(* Let $K$ be a finitely separable ring. (1) Every element $a\in K$ is algebraic, i.e. $g(a)=0$ for some nonzero $g\in\mathbb{Z}[x]$ with $g(0)=0$. (2) For any two commuting elements $a,b\in K$ and any prime $p$ there exists a polynomial $f(x,y)\in\mathbb{Z}[x,y]$ (in commuting variables) with zero constant term, not all of whose coefficients are divisible by $p$, such that $f(a,b)=0$.
   Context: Rings are associative and not necessarily unital. A ring $K$ is finitely separable if for every $a\in K$ and every subring $A\subseteq K$ with $a\notin A$ there exist a finite ring $F$ and a homomorphism $\varphi:K\to F$ with $\varphi(a)\notin\varphi(A)$. *)

From HB Require Import structures.
From mathcomp Require Import all_boot all_order all_algebra.
Set Implicit Arguments. Unset Strict Implicit. Unset Printing Implicit Defensive.
Import Order.TTheory GRing.Theory Num.Theory.
Local Open Scope ring_scope.

Record rng_axioms (K : zmodType) (mul : K -> K -> K) : Prop := RngAxioms {
  rng_mulA : forall x y z, mul x (mul y z) = mul (mul x y) z;
  rng_mulDl : forall x y z, mul (x + y) z = mul x z + mul y z;
  rng_mulDr : forall x y z, mul x (y + z) = mul x y + mul x z }.

Definition is_subrng (K : zmodType) (mul : K -> K -> K) (A : K -> Prop) : Prop :=
  A 0 /\ (forall x y, A x -> A y -> A (x - y)) /\
  (forall x y, A x -> A y -> A (mul x y)).

Definition is_rng_hom (K F : zmodType) (mulK : K -> K -> K) (mulF : F -> F -> F)
  (phi : K -> F) : Prop :=
  (forall x y, phi (x + y) = phi x + phi y) /\
  (forall x y, phi (mulK x y) = mulF (phi x) (phi y)).

Definition finitely_separable (K : zmodType) (mul : K -> K -> K) : Prop :=
  forall (a : K) (A : K -> Prop), is_subrng mul A -> ~ A a ->
    exists (F : finZmodType) (mulF : F -> F -> F),
      rng_axioms mulF /\
      exists phi : K -> F, is_rng_hom mul mulF phi /\
        ~ (exists x, A x /\ phi x = phi a).

(* Positive powers in a non-unital ring: rpow x n = x^n for n >= 1,
   and rpow x 0 = 0 (only ever multiplied by a zero constant coefficient). *)
Definition rpow (K : zmodType) (mul : K -> K -> K) (x : K) (n : nat) : K :=
  match n with 0 => 0 | n'.+1 => iter n' (mul x) x end.

Definition peval (K : zmodType) (mul : K -> K -> K) (g : {poly int}) (a : K) : K :=
  \sum_(i < size g) (rpow mul a i) *~ g`_i.

Definition mono (K : zmodType) (mul : K -> K -> K) (a b : K) (i j : nat) : K :=
  if i == 0%N then rpow mul b j
  else if j == 0%N then rpow mul a i
  else mul (rpow mul a i) (rpow mul b j).

(* f in Z[x,y] is represented as f : {poly {poly int}}, with f`_i`_j the
   coefficient of x^i y^j; evaluation for f with zero constant term. *)
Definition peval2 (K : zmodType) (mul : K -> K -> K) (f : {poly {poly int}}) (a b : K) : K :=
  \sum_(i < size f) \sum_(j < size f`_i) (mono mul a b i j) *~ f`_i`_j.

(* Polynomials with zero constant term are evaluated in the unitization Z x K,
   where evaluation is a ring morphism, and each statement comes from separating
   a well-chosen subring of evaluations by a finite quotient phi : K -> F.

   (1) Let A = {g(a) | g(0) = 0, g(1/2) in Z}.  Writing #|F| = 2^e m with m odd,
   s = x - #|F| x^(e+1) satisfies s(1/2) = (1 - m)/2 in Z and phi(s(a)) = phi(a),
   so no finite quotient separates a from A.  Hence a = g(a) for such a g, and
   x - g is nonzero since g(1/2) is an integer.

   (2) Let A = {f(a,b) | f(0,0) = 0, f(t, t^-2) in F_p[t]}, inside F_p(t).  By
   pigeonhole phi((ab)^m) = phi((ab)^n) for odd m < n, and then
   s = y + (xy)^m x^n y - (xy)^n x^n y has phi(s(a,b)) = phi(b) and
   s(t, t^-2) = t^(n-m-2).  Hence b = f(a,b) for such an f, and y - f vanishes at
   (a,b); if p divided all its coefficients, t^-2 would be a polynomial. *)

From HB Require Import structures.
From mathcomp Require Import all_boot all_order all_algebra fingroup cyclic fraction.
From mathcomp Require Import ring zify.
From Stdlib Require Import Classical.
Import GRing.Theory.
Set Implicit Arguments.
Unset Strict Implicit.
Unset Printing Implicit Defensive.
Local Open Scope ring_scope.

Lemma add_zmod_morphism (U V : zmodType) (f : U -> V) :
  {morph f : x y / x + y} -> zmod_morphism f.
Proof. by move=> fD x y; apply/eqP; rewrite eq_sym subr_eq -fD subrK. Qed.

Lemma add_mulrz (U V : zmodType) (f : U -> V) (fD : {morph f : x y / x + y}) x n :
  f (x *~ n) = f x *~ n.
Proof.
pose g : {additive U -> V} :=
  HB.pack f (GRing.isZmodMorphism.Build U V f (add_zmod_morphism fD)).
exact: raddfMz g n x.
Qed.

Section Rng.
Variables (K : zmodType) (mul : K -> K -> K).
Hypothesis mulK : rng_axioms mul.

Lemma rng_mulrzl x y n : mul (x *~ n) y = mul x y *~ n.
Proof. by apply: (add_mulrz (f := mul^~ y)) => u v; case: mulK. Qed.

Lemma rng_mulrzr x y n : mul x (y *~ n) = mul x y *~ n.
Proof. by apply: (add_mulrz (f := mul x)) => u v; case: mulK. Qed.

Lemma rng_mul0l y : mul 0 y = 0.
Proof. by rewrite -(mulr0z 0) rng_mulrzl. Qed.

Lemma rng_mul0r x : mul x 0 = 0.
Proof. by rewrite -(mulr0z 0) rng_mulrzr. Qed.

(* The Dorroh extension Z x K.  Its dependence on the proof of the axioms lets
   the ring structure below be canonical. *)
Definition unitization of rng_axioms mul : Type := (int * K)%type.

### Problem to solve
When you retype the data above, start at its first line, stop after the line containing "Context: Rings are", and leave out everything else.

### Output
(* Let $K$ be a finitely separable ring. (1) Every element $a\in K$ is algebraic, i.e. $g(a)=0$ for some nonzero $g\in\mathbb{Z}[x]$ with $g(0)=0$. (2) For any two commuting elements $a,b\in K$ and any prime $p$ there exists a polynomial $f(x,y)\in\mathbb{Z}[x,y]$ (in commuting variables) with zero constant term, not all of whose coefficients are divisible by $p$, such that $f(a,b)=0$.
   Context: Rings are associative and not necessarily unital. A ring $K$ is finitely separable if for every $a\in K$ and every subring $A\subseteq K$ with $a\notin A$ there exist a finite ring $F$ and a homomorphism $\varphi:K\to F$ with $\varphi(a)\notin\varphi(A)$. *)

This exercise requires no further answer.